Mucha gente cree que los antibióticos y el alcohol son incompatibles y que mezclarlos resulta peligroso, o bien que, si bebes cuando estás bajo tratamiento, las pastillas pierden su efecto. La realidad no es tal, pero sí es cierto que el alcohol aumenta el metabolismo hepático de estos fármacos y disminuye su concentración en sangre, por lo que su presencia en el lugar donde debe de hacer efecto es menor y también lo es su eficacia.

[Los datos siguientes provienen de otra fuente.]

Lemma expR_sqr_proj_le {R : realType} (e1 e2 u v lam : R) :
  e1 ^+ 2 + e2 ^+ 2 = 1 -> 0 < lam ->
  expR (- ((u ^+ 2 + v ^+ 2) / (4 * lam)))
    <= expR (- ((Num.sqrt (4 * lam))^-1 * (e1 * u + e2 * v)) ^+ 2).
Proof.
move=> e_unit lam0; have lam4 : 0 < 4 * lam by rewrite mulr_gt0.
rewrite ler_expR lerN2 exprMn exprVn sqr_sqrtr ?(ltW lam4) // mulrC ler_pM2r ?invr_gt0 //.
rewrite -subr_ge0 (_ : _ - _ = (u ^+ 2 + v ^+ 2) * (1 - (e1 ^+ 2 + e2 ^+ 2))
                              + (e2 * u - e1 * v) ^+ 2); last by ring.
by rewrite e_unit subrr mulr0 add0r sqr_ge0.
Qed.

Section immersed_curve.
Variables (R : realType) (I : set R) (x y : R -> R).
Hypothesis curveC2 : C2_immersed_curve I x y.

Local Notation x' := (derive1 x).
Local Notation y' := (derive1 y).
Local Notation x'' := (derive1 (derive1 x)).
Local Notation y'' := (derive1 (derive1 y)).
Local Notation s := (speed x y).
Local Notation mu := (@lebesgue_measure R).

Lemma open_param : open I. Proof. by case: curveC2. Qed.
Lemma interval_param : is_interval I. Proof. by case: curveC2. Qed.

Let regular t : I t -> _ := fun It => let: And4 _ _ _ h := curveC2 in h t It.

Lemma is_derive_x t : I t -> is_derive t 1 x (x' t).
Proof. by move=> /regular [[dx _] _ _ _]; rewrite derive1E; exact: derivableP. Qed.
Lemma is_derive_y t : I t -> is_derive t 1 y (y' t).
Proof. by move=> /regular [[_ dy] _ _ _]; rewrite derive1E; exact: derivableP. Qed.
Lemma is_derive_x' t : I t -> is_derive t 1 x' (x'' t).
Proof. by move=> /regular [_ [dx' _] _ _]; rewrite derive1E; exact: derivableP. Qed.
Lemma is_derive_y' t : I t -> is_derive t 1 y' (y'' t).
Proof. by move=> /regular [_ [_ dy'] _ _]; rewrite derive1E; exact: derivableP. Qed.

Lo que ocurre es que una vez ingeridos, esos fármacos pueden seguir varios caminos en el organismo: bien son metabolizados por el hígado o bien eliminados a través de la orina o las heces. Según la ruta de excreción que sigan, permanecerán activos más o menos tiempo, lo cual determinará la frecuencia con que debe administrarse cada dosis.

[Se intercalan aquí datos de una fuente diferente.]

Lemma card_components0 : #|components set0| = #|V|.
Proof.
have component0 v : component set0 v = [set v].
  apply/setP => w; rewrite !inE; apply/idP/eqP => [/connectP [[|z p] /=]|->].
  - by move=> _ ->.
  - by case/andP => /adjP [e]; rewrite inE.
  - exact: connect0.
by rewrite /components (eq_imset _ component0) card_imset ?cardsT //; apply: set1_inj.
Qed.

Section AddEdge.
Variables (F : {set E}) (e : E).
Let x := (ends e).1.
Let y := (ends e).2.
Let U := component F x :|: component F y.

Lemma component_setU1 v : component (e |: F) v = if v \in U then U else component F v.
Proof.
have symF := connect_adj_sym F.
have cxy : connect (adj (e |: F)) x y by apply/connect1/adj_ends/setU11.
have cUx w : w \in U -> connect (adj (e |: F)) x w.
  rewrite !inE => /orP [] cw; last apply: connect_trans cxy _;
  exact: connectS (subsetUr _ _) _ _ cw.
have cFU w : connect (adj (e |: F)) v w = connect (adj F) v w || (v \in U) && (w \in U).
  apply/idP/idP => [/(connect_setU1 (surjective_pairing (ends e)))|].
    case/or3P => [->//|/andP [cvx cyw]|/andP [cvy cxw]]; rewrite !inE.
      by rewrite (symF x) cvx cyw !orbT.
    by rewrite (symF y) cvy cxw !orbT.
  case/orP => [|/andP [/cUx cxv /cUx]]; first exact: connectS (subsetUr _ _) _ _.
  by apply: connect_trans; rewrite connect_adj_sym.
apply/setP => w; rewrite [in LHS]inE cFU; case: ifP => vU; last by rewrite andFb orbF inE.
rewrite andTb; apply/orP/idP => [[cvw|//]|wU]; last by right.
by move: vU; rewrite !inE => /orP [] cv; rewrite (connect_trans cv cvw) ?orbT.
Qed.

Lemma card_components_setU1 : ~~ connect (adj F) x y ->
  #|components (e |: F)|.+1 = #|components F|.
Proof.
move=> nxy; have symF := connect_adj_sym F.
have xU : x \in U by rewrite !inE connect0.
set K := components F :\ component F x :\ component F y.
have defK : components (e |: F) = U |: K.
  apply/setP => C; rewrite in_setU1 !inE; apply/imsetP/orP => [[v _ ->]|].
    rewrite component_setU1; case: ifP => vU; [by left | right].
    move: vU; rewrite !inE (symF x) (symF y) => /negbT /norP [nvx nvy].
    by rewrite !component_eq nvx nvy imset_f.
  case=> [/eqP ->|/and3P [Cy Cx /imsetP [v _ Cv]]].
    by exists x; rewrite ?component_setU1 ?xU.
  exists v => //; rewrite component_setU1 Cv ifF //; apply/negbTE.
  move: Cx Cy; rewrite Cv !component_eq !inE => nvx nvy.
  by rewrite (symF x) (symF y) (negbTE nvx) (negbTE nvy).
have UK : U \notin K.
  apply/negP => /setD1P [_ /setD1P [UX UC]].
  by move: UX; rewrite -(components_mem UC xU) eqxx.
rewrite defK cardsU1 UK (cardsD1 (component F x) (components F)).
rewrite (cardsD1 (component F y) (components F :\ component F x)) !inE !imset_f //.
by rewrite component_eq symF (negbTE nxy).
Qed.

End AddEdge.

Así que lo que sí puede hacer el alcohol es retrasar o acelerar su absorción y eliminación. Es decir, si se bebe mucho, el antibiótico funciona más lentamente. Esta reducción de efecto se puede dar en un tipo de antibióticos llamados macrólidos y quinolonas, que se usan para tratar infecciones de garganta, urinarias o respiratorias.
Por otro lado, con algunas cefalosporinas, antibióticos del grupo de beta-lactámicos, la ingesta de alcohol precipita la aparición de una serie de síntomas. Se conoce como efecto antabús o efecto tipo disulfirán y se trata de manifestaciones clínicas que pueden ser leves o graves, y que van desde rubor facial (cara colorada), náuseas, vómitos, ansiedad, hasta incluso taquicardia, hipotensión, insuficiencia respiratoria o encefalopatía.
El efecto antabús puede aparecer también con el uso de metronizadol (antibiótico anaerobicida y antiprotozoario), muy utilizado en las infecciones bucodentales o en óvulos vaginales para tratar ciertas infecciones. En todo caso, lo más seguro es leer el prospecto, donde siempre vienen indicadas las incompatibilidades.